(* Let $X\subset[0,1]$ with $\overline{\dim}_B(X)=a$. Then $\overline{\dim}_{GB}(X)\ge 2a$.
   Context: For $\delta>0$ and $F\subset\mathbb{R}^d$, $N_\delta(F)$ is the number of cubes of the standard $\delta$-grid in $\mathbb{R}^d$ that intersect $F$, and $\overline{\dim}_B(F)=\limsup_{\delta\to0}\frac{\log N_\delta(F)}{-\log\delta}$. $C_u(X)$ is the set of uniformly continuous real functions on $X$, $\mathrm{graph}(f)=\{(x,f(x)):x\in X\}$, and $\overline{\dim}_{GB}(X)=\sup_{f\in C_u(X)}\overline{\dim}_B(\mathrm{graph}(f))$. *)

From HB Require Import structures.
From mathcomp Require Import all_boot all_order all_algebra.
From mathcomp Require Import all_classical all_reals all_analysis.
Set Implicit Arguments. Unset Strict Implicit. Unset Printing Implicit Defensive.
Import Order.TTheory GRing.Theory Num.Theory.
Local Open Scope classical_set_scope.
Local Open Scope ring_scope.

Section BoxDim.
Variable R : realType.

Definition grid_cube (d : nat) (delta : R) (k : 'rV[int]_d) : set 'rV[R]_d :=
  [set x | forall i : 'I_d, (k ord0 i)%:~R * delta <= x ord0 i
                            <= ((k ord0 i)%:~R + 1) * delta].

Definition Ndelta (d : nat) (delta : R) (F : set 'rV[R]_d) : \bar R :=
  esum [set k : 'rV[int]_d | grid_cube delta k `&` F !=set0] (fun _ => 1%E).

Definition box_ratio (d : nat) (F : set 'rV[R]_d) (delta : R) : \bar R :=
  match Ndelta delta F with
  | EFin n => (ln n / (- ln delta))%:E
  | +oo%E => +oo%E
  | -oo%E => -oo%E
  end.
--
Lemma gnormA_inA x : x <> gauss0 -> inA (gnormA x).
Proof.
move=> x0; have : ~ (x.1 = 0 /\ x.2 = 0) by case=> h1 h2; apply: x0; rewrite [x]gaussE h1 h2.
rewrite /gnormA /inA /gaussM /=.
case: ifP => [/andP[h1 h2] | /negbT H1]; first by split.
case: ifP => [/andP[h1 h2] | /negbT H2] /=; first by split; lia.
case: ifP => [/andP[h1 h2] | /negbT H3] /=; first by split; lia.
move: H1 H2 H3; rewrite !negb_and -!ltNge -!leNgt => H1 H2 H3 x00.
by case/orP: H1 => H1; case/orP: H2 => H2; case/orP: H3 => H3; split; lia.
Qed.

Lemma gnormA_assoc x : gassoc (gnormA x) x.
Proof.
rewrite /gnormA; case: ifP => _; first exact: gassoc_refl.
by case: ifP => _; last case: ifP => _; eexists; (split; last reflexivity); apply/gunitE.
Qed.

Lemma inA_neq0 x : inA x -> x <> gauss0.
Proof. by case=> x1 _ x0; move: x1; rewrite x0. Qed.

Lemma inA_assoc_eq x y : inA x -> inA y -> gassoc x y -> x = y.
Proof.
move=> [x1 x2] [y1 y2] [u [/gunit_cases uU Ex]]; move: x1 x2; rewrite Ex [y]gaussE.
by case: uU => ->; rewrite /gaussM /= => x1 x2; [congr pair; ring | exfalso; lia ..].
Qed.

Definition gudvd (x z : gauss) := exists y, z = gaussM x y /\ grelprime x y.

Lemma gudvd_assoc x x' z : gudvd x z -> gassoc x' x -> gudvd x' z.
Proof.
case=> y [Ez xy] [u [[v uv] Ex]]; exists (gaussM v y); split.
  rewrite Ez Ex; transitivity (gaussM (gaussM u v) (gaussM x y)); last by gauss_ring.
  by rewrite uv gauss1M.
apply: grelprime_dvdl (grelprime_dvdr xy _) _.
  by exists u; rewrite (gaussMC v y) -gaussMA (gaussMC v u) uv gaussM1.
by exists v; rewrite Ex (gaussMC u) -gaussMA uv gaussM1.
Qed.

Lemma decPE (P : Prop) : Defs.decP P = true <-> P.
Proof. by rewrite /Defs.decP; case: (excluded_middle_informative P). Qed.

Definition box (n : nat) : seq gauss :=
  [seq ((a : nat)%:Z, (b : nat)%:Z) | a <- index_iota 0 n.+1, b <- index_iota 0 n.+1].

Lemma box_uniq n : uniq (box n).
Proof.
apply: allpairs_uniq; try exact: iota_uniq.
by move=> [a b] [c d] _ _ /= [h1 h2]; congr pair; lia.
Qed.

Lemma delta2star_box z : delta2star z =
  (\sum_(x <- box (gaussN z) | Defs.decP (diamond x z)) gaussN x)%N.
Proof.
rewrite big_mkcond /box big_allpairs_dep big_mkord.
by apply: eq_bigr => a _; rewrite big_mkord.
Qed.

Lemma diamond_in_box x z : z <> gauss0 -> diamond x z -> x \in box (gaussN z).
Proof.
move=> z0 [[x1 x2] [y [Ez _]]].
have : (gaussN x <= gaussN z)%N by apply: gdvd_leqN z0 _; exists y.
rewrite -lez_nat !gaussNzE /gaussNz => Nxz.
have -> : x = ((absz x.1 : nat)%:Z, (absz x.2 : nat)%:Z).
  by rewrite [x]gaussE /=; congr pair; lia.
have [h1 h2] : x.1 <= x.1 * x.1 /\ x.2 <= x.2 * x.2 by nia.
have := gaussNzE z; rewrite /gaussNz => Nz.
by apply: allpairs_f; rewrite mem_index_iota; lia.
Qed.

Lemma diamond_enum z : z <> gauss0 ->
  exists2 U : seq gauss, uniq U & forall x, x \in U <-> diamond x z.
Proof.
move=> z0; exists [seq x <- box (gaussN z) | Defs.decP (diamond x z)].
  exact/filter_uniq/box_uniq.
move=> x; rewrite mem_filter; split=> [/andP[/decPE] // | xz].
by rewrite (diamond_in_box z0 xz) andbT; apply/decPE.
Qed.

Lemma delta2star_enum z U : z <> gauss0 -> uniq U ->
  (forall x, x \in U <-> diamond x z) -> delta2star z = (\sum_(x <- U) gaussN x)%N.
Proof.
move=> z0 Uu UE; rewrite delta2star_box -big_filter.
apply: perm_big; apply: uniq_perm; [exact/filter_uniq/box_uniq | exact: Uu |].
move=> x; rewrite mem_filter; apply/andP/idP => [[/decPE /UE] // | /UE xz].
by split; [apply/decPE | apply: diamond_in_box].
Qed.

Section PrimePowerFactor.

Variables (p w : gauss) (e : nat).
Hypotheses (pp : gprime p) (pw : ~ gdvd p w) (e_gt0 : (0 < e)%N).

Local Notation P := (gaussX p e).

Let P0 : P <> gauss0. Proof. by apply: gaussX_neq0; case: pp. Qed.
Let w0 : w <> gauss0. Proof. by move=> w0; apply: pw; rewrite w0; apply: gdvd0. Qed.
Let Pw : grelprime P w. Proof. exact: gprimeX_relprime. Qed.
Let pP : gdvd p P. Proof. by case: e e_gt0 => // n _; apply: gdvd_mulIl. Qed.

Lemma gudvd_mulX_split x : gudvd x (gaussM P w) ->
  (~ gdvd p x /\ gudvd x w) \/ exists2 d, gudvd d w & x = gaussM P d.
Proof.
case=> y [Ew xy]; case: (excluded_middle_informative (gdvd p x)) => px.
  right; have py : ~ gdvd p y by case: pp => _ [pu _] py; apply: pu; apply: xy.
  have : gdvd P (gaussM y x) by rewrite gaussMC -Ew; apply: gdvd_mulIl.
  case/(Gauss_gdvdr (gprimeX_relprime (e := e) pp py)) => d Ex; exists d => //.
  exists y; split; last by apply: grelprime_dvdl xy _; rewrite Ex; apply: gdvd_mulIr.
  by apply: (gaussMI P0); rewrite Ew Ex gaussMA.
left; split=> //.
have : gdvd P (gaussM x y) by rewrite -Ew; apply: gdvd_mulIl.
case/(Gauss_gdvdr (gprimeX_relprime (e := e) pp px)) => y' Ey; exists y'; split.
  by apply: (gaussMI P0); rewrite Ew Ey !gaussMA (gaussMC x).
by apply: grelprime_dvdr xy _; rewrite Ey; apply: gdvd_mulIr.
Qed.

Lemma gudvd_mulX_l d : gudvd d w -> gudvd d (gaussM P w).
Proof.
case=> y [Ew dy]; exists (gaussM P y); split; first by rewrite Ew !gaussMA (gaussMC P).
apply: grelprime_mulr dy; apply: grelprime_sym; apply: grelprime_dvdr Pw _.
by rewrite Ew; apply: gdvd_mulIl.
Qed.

● Work required:
For every line above that includes the string "decPE", copy the line.

● Reply to the exercise:
Lemma decPE (P : Prop) : Defs.decP P = true <-> P.
move=> x; rewrite mem_filter; split=> [/andP[/decPE] // | xz].
by rewrite (diamond_in_box z0 xz) andbT; apply/decPE.
move=> x; rewrite mem_filter; apply/andP/idP => [[/decPE /UE] // | /UE xz].
by split; [apply/decPE | apply: diamond_in_box].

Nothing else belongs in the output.